X_train, X_val, y_train, y_val = train_test_split(X,y, test_size=.10, random_state=0)

## Establishing Baseline Performance
​
To understand if our model holds any weight, we need to establish a baseline model to test our models against.

In [None]:
X_train.value_counts()

In [None]:
print('All Positive model equals:',130/y_train.size)

print('All Negative model equals:',111/y_train.size)
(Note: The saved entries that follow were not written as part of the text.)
(** * Words in the matrices S(c) *)

Definition Sprod (l : seq A) : 'M[A]_2 := \prod_(c <- l) Smx c.

Lemma Sprod_nil : Sprod [::] = 1%:M.
Proof. by rewrite /Sprod big_nil. Qed.

Lemma Sprod_cons c l : Sprod (c :: l) = Smx c *m Sprod l.
Proof. by rewrite /Sprod big_cons mulmxE. Qed.

Lemma Sprod_rcons l c : Sprod (rcons l c) = Sprod l *m Smx c.
Proof. by rewrite /Sprod -cats1 big_cat big_seq1 mulmxE. Qed.

Lemma Sprod_unit l : Sprod l \in unitmx.
Proof.
elim: l => [|c l IH]; first by rewrite Sprod_nil unitmx1.
by rewrite Sprod_cons unitmx_mul IH unitmx2 mulr0 mul1r sub0r unitrN unitr1.
Qed.

Lemma Sprod_pad l : Sprod (l ++ [:: 0; 0]) = Sprod l.
Proof.
rewrite -cat_rcons cats1 !Sprod_rcons -mulmxA /Defs.Smx mx2_mul.
by rewrite !(mulr0, mul0r, mulr1, addr0, add0r) -mx2_1 mulmx1.
Qed.

Lemma row0_Sprod_rcons l c :
  row0 (Sprod (rcons l c)) = (Sprod l ord0 ord0 * c + Sprod l ord0 ord_max, Sprod l ord0 ord0).
Proof. by rewrite /row0 Sprod_rcons !mulmx2E !mx2E !mulr1 !mulr0 !addr0. Qed.

Lemma row0_Smx_mul c P : row0 (Smx c *m P) =
  (c * P ord0 ord0 + P ord_max ord0, c * P ord0 ord_max + P ord_max ord_max).
Proof. by rewrite /row0 !mulmx2E !mx2E !mul1r. Qed.

Lemma Smx_mul_diag c u v : v \is a GRing.unit ->
  Smx c *m mx2 u 0 0 v = mx2 v 0 0 u *m Smx (c * u / v).
Proof.
move=> vu; have e : v * (c * u / v) = c * u by rewrite mulrC divrK.
by rewrite /Defs.Smx !mx2_mul e; congr Defs.mx2; ring.
Qed.

Lemma upper_mx2_Smx x : mx2 1 x 0 1 = Smx x *m Smx 0.
Proof. by rewrite /Defs.Smx mx2_mul; congr Defs.mx2; ring. Qed.

Lemma lower_mx2_Smx x : mx2 1 0 x 1 = Smx 0 *m Smx x.
Proof. by rewrite /Defs.Smx mx2_mul; congr Defs.mx2; ring. Qed.

Lemma lower_mx2_diag_Smx c e f : f \is a GRing.unit ->
  mx2 c 0 e f = mx2 c 0 0 f *m Smx 0 *m Smx (e / f).
Proof.
move=> fu; have fef : f * (e / f) = e by rewrite mulrC divrK.
by rewrite -mulmxA -lower_mx2_Smx mx2_mul fef; congr Defs.mx2; ring.
Qed.

(** * Weak Euclidean algorithms *)

(* (x, y) S(q) = (x q + y, x) is a step of the Euclidean algorithm read backwards. *)
Definition Sprod_row_multiple (a b : A) : Prop :=
  exists c l, a = c * Sprod l ord0 ord0 /\ b = c * Sprod l ord0 ord_max.

Lemma Sprod_row_multiple0 b : Sprod_row_multiple b 0.
Proof. by exists b, [::]; rewrite Sprod_nil mx2_1 !mx2E mulr1 mulr0. Qed.

Lemma Sprod_row_multiple_step q b r :
  Sprod_row_multiple b r -> Sprod_row_multiple (q * b + r) b.
Proof.
move=> [c [l [-> ->]]]; exists c, (rcons l q).
by case: (row0_Sprod_rcons l q) => -> ->; split; last by []; ring.
Qed.

Lemma Sprod_row_multipleZ k a b :
  Sprod_row_multiple a b -> Sprod_row_multiple (k * a) (k * b).
Proof. by move=> [c [l [-> ->]]]; exists (k * c), l; rewrite !mulrA. Qed.

Lemma weak_euclid_base (q b : A) : weak_euclid (q * b) b.
Proof.
exists 0%N, (fun=> q), (fun k => if k is k'.+1 then (if k' is 0%N then b else 0) else q * b).
by do 3!split=> //; case=> // _; rewrite addr0.
Qed.

Lemma weak_euclid_step (q b r : A) : weak_euclid b r -> weak_euclid (q * b + r) b.
Proof.
move=> [n [qs [rs [rs0 [rs1 [rsn Hrs]]]]]].
exists n.+1, (fun k => if k is k'.+1 then qs k' else q),
  (fun k => if k is k'.+1 then rs k' else q * b + r).
by do 3!split=> //; case=> [_|k /Hrs //]; rewrite rs0 rs1.
Qed.

Lemma weak_euclid0 (a : A) : weak_euclid a 0.
Proof.
have := weak_euclid_step 0 (weak_euclid_base 0 a).
by rewrite !mul0r add0r.
Qed.

Lemma weak_euclidP (a b : A) : weak_euclid a b <-> Sprod_row_multiple a b.
Proof.
split.
  move=> [n [q [r [<- [<- []]]]]].
  elim: n q r => [|n IH] q r rn Hr; rewrite Hr //; apply: Sprod_row_multiple_step.
    by rewrite rn; exact: Sprod_row_multiple0.
  by apply: (IH (q \o succn) (r \o succn)) => // k; exact: Hr k.+1.
move=> [c [l]]; elim/last_ind: l a b => [|l q IH] a b [-> ->].
  by rewrite Sprod_nil mx2_1 !mx2E mulr0 mulr1; exact: weak_euclid0.
case: (row0_Sprod_rcons l q) => -> ->.
have -> : c * (Sprod l ord0 ord0 * q + Sprod l ord0 ord_max) =
          q * (c * Sprod l ord0 ord0) + c * Sprod l ord0 ord_max by ring.
by apply: weak_euclid_step; apply: IH.
Qed.

(** * Continued fractions *)

Lemma p1_act_infty M :
  p1_act (infty A) M = frac_pt (M ord0 ord0) (M ord0 ord_max).
Proof. by rewrite /p1_act /frac_pt /= !mulr1 !mulr0 !addr0. Qed.

Lemma frac_pt_scale (k a b : A) : k != 0 -> frac_pt (k * a) (k * b) = frac_pt a b.
Proof.
move=> k0; rewrite /frac_pt /p1_of /frac_of !rmorphM /= mulf_eq0 !tofrac_eq0 (negbTE k0) /=.
by case: ifP => // _; rewrite invfM mulrACA divff ?mul1r // tofrac_eq0.
Qed.

Lemma frac_pt_cross (a b x y : A) : frac_pt a b = frac_pt x y -> a * y = b * x.
Proof.
rewrite /frac_pt /p1_of /frac_of !tofrac_eq0.
case: (eqVneq b 0) => [->|b0]; case: (eqVneq y 0) => [->|y0] //=.
  by rewrite mulr0 mul0r.
case=> /eqP; rewrite eqr_div ?tofrac_eq0 // -!rmorphM tofrac_eq => /eqP ->.
exact: mulrC.
Qed.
Since the all positive model has a higher accuracy we will be using it for our baseline. This means that out model must beat an accuracy score of 53.94%.

## Model Selection

### Defining model functions

This is a function to plot the ROC curve for each model.

In [None]:
def plot_roc_curve(fpr, tpr):
    plt.plot(fpr, tpr, color='orange', label='ROC')
    plt.plot([0, 1], [0, 1], color='darkblue', linestyle='--')
    plt.xlabel('False Positive Rate')
    plt.ylabel('True Positive Rate')
    plt.title('Receiver Operating Characteristic (ROC) Curve')
    plt.legend()
    plt.show()

This function efficiently trains each model on the training data and makes predictions for our validation set.

In [None]:
def fit_model(model):
    
    model.fit(X_train, y_train)
    val_preds = model.predict(X_val)
    print(pd.DataFrame(confusion_matrix(y_val,val_preds),\
            columns=["Predicted No", "Predicted Yes"],\
            index=["No","Yes"]))
    print('\n')
    print(classification_report(y_val, val_preds))
    
    probs = model.predict_proba(X_val)
    probs = probs[:, 1]
    fpr, tpr, thresholds = roc_curve(y_val, probs)
    plot_roc_curve(fpr,tpr)
    print('auc score: '+ str(roc_auc_score(y_val,val_preds)))

## Model Fitting

### Logistic Regression

In [None]:
log_model = LogisticRegression(max_iter=700)

fit_model(log_model)

### K-nearest Neighbors

In [None]:
knn_model = KNeighborsClassifier(n_neighbors=50)

fit_model(knn_model)

### Decision Tree Classifier

In [None]:
tree_model = DecisionTreeClassifier(criterion='entropy', max_depth=5, max_leaf_nodes=10)

fit_model(tree_model)

### Random Forest Classifier

In [None]:
rf_model = RandomForestClassifier(n_estimators=1000, criterion = "entropy")

fit_model(rf_model)

In [None]:
xgb = XGBClassifier(max_depth = 100,learning_rate = .07, booster = "gblinear" )

fit_model(xgb)

# Conclusion

Out of all the models that we tried, the xgb classifier outperformed the rest. It out-performed the baseline model accuracy by about 40%. It performed the best at predicting people who are more risk of having a heart attack. We had a very small data set to work with and a very small test set to work with so we should question how well this model may do on new unforseen data. 

## Next Steps

The next step would be to collect more data. We have a very small data set to work with and there is a lot of potential to make a great model if we had more data to train it on. With an increase in records, Deep learning methods would also be interesting to apply here.